Attestation qu’il a été fait, le cas échéant, un acte de désignation d’une loi étrangère pour le régime matrimonial. Les futurs époux militaires :
Autorisation préalable du ministère de la défense pour :
Les militaires épousant un(e) étranger(e)
Les militaires servant à titre étrangerInscription sur les listes électorales
Sont concernés : Les nouveaux habitants et les jeunes qui atteindront leur majorité (18 ans) avant le 1er mars de l’année suivante ainsi que les personnes naturalisées.
Les pièces à fournir : une carte nationale d’identité ou passeport en cours de validité ainsi qu’un justificatif de domicile de moins de trois mois (quittance EDF ou de loyer, facture de téléphone fixe).
Pour les jeunes et les personnes hébergées : carte d’identité, carte d’identité de l’hébergeant (les parents, …), justificatif de domicile de moins de 3 mois (pas d’échéancier ni de quittance écrite), attestation sur l’honneur de l’hébergeant ainsi qu’un document officiel au nom de l’hébergé à l’adresse d’hébergement.

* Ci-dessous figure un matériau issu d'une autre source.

Lemma is_lim_seq_ln_J rho (k n : nat -> nat) : 3 / 5 < rho -> rho < 2 / 3 ->
  admissible_seq rho k n ->
  is_lim_seq (fun i => ln (INR (J (k i) (n i))) / INR (n i))
             (binomial_entropy (2 * rho - 1) (2 - 3 * rho)).
Proof.
move=> lo hi [n_oo kn_rho].
pose u i := (2 * INR (k i) - INR (n i)) / INR (n i).
pose v i := (2 * INR (n i) + 2 - 3 * INR (k i)) / INR (n i).
have n_pos : eventually (fun i => 0 < INR (n i)) by move/is_lim_seq_spec: n_oo; apply.
have lim_u : is_lim_seq u (2 * rho - 1).
  apply: (is_lim_seq_ext_loc (fun i => 2 * (INR (k i) / INR (n i)) - 1)).
    by move: n_pos; apply: filter_imp => i n0; rewrite /u; field; lra.
  by apply: is_lim_seq_minus'; [apply: (is_lim_seq_scal_l _ 2 rho) | apply: is_lim_seq_const].
have lim_v : is_lim_seq v (2 - 3 * rho).
  apply: (is_lim_seq_ext_loc (fun i => 2 + 2 * / INR (n i) - 3 * (INR (k i) / INR (n i)))).
    by move: n_pos; apply: filter_imp => i n0; rewrite /v; field; lra.
  have -> : 2 - 3 * rho = 2 + 2 * 0 - 3 * rho by ring.
  apply: is_lim_seq_minus'; last exact: (is_lim_seq_scal_l _ 3 rho).
  apply: is_lim_seq_plus'; first exact: is_lim_seq_const.
  exact: (is_lim_seq_scal_l _ 2 0 (is_lim_seq_inv _ _ n_oo ltac:(discriminate))).
have lim_G :=
  @is_lim_seq_binomial_entropy u v (2 * rho - 1) (2 - 3 * rho) ltac:(lra) lim_u lim_v.
have lim_lower := is_lim_seq_minus' _ _ _ _ lim_G (is_lim_seq_ln_div n_oo).
rewrite Rminus_0_r in lim_lower.
apply: (is_lim_seq_le_le_loc _ _ _ _ _ lim_lower lim_G).
have v_pos := is_lim_seq_eventually_gt lim_v (ltac:(lra) : 0 < 2 - 3 * rho).
have v_lt_u := is_lim_seq_eventually_gt (is_lim_seq_minus' _ _ _ _ lim_u lim_v)
  (ltac:(lra) : 0 < 2 * rho - 1 - (2 - 3 * rho)).
apply: filter_imp (filter_and _ _ n_pos (filter_and _ _ v_pos v_lt_u)) => i [n0 [v0 uv]].
have b_range : 0 < 2 * INR (n i) + 2 - 3 * INR (k i) < 2 * INR (k i) - INR (n i).
  have -> : 2 * INR (k i) - INR (n i) = u i * INR (n i) by rewrite /u; field; lra.
  have -> : 2 * INR (n i) + 2 - 3 * INR (k i) = v i * INR (n i) by rewrite /v; field; lra.
  by split; nra.
have inv_n : 0 <= / INR (n i) by left; apply: Rinv_0_lt_compat.
rewrite /u /v -binomial_entropy_div // /Rdiv -Rmult_minus_distr_r.
by have [lb ub] := ln_J_bounds b_range; split; apply: Rmult_le_compat_r.
Qed.

Lemma admissible_seq_exists rho : 0 <= rho -> exists k n, admissible_seq rho k n.
Proof.
move=> rho0; have rho_i i : 0 <= rho * INR i by have := pos_INR i; nra.
exists (fun i => proj1_sig (nfloor_ex _ (rho_i i))), id; split; first exact: is_lim_seq_INR.
have inv_i : is_lim_seq (fun i => / INR i) 0 by apply: (is_lim_seq_inv _ _ is_lim_seq_INR).
have := is_lim_seq_minus' _ _ _ _ (is_lim_seq_const rho) inv_i.
rewrite Rminus_0_r => lim_lower.
apply: (is_lim_seq_le_le_loc _ _ _ _ _ lim_lower (is_lim_seq_const rho)).
exists 1%N => i i1; case: nfloor_ex => m /= [m_le m_gt].
have i0 : 0 < INR i by apply: lt_0_INR; lia.
have ii : INR i * / INR i = 1 by field; lra.
have := Rinv_0_lt_compat _ i0; rewrite /Rdiv; split; nra.
Qed.

Theorem mainTheorem3 (rho : R) :
  (3 / 5 < rho)%R -> (rho < 2 / 3)%R ->
  S_ES rho =
  Finite ((2 * rho - 1) * ln (2 * rho - 1)
          - (2 - 3 * rho) * ln (2 - 3 * rho)
          - (5 * rho - 3) * ln (5 * rho - 3))%R.
Proof.
move=> lo hi.
have -> : (2 * rho - 1) * ln (2 * rho - 1) - (2 - 3 * rho) * ln (2 - 3 * rho)
          - (5 * rho - 3) * ln (5 * rho - 3) = binomial_entropy (2 * rho - 1) (2 - 3 * rho).
  by rewrite /binomial_entropy /xlnx; have -> : 2 * rho - 1 - (2 - 3 * rho) = 5 * rho - 3 by ring.
have limsup_eq k n : admissible_seq rho k n ->
    LimSup_seq (fun i => ln (INR (J (k i) (n i))) / INR (n i))
    = binomial_entropy (2 * rho - 1) (2 - 3 * rho).
  by move=> adm; apply/is_LimSup_seq_unique/is_lim_LimSup_seq/is_lim_seq_ln_J.
apply: Rbar_is_lub_unique; split.
  by move=> _ [k [n [adm ->]]]; rewrite limsup_eq //; apply: Rbar_le_refl.
move=> l ub; have [k [n adm]] := admissible_seq_exists (ltac:(lra) : 0 <= rho).
by apply: ub; exists k, n; rewrite limsup_eq.
Qed.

À compter du 1er janvier 2019 et avec l’entrée en vigueur du répertoire électoral unique, toute personne pourra solliciter son inscription sur les listes électorales en mairie toute l’année et, en vue d’un scrutin, jusqu’au 6e vendredi précédant ce scrutin (jusqu’au dernier jour du deuxième mois précédant le scrutin pour les scrutins organisés en 2019). Que les personnes fassent une demande d’inscription avant ou après le 31 décembre 2018, elles seront inscrites sur les listes électorales pour tous les scrutins à compter du 11 mars 2019 .
Légalisation de signature
Le maire est uniquement compétent pour ses administrés. La signature doit être apposée devant le magistrat ou son représentant, le signataire doit présenter sa pièce d’identité.
Cas où le maire ne peut légaliser une signature :
Si le texte est susceptible de porter préjudice à des tiers. Si le contenu est contraire aux bonnes mœurs et à l’ordre public. Si la légalisation est demandée par une administration (art. 2 du décret du 26 décembre 2000).
Il faut entendre par administration : services et établissements publics de l’Etat ou des collectivités territoriales, ou entreprises caisses et organismes contrôlés par l’Etat.
Recensement du citoyen
Depuis le 1er janvier 1999, le recensement est obligatoire pour tous les jeunes français (garçons et filles) atteignant l’âge de 16 ans. Il faut se présenter personnellement avec les pièces suivantes :
Le livret de famille.
La carte nationale d’identité.
Eventuellement un justificatif de domicile si l’adresse sur la Carte Nationale d’Identité n’est pas actualisée.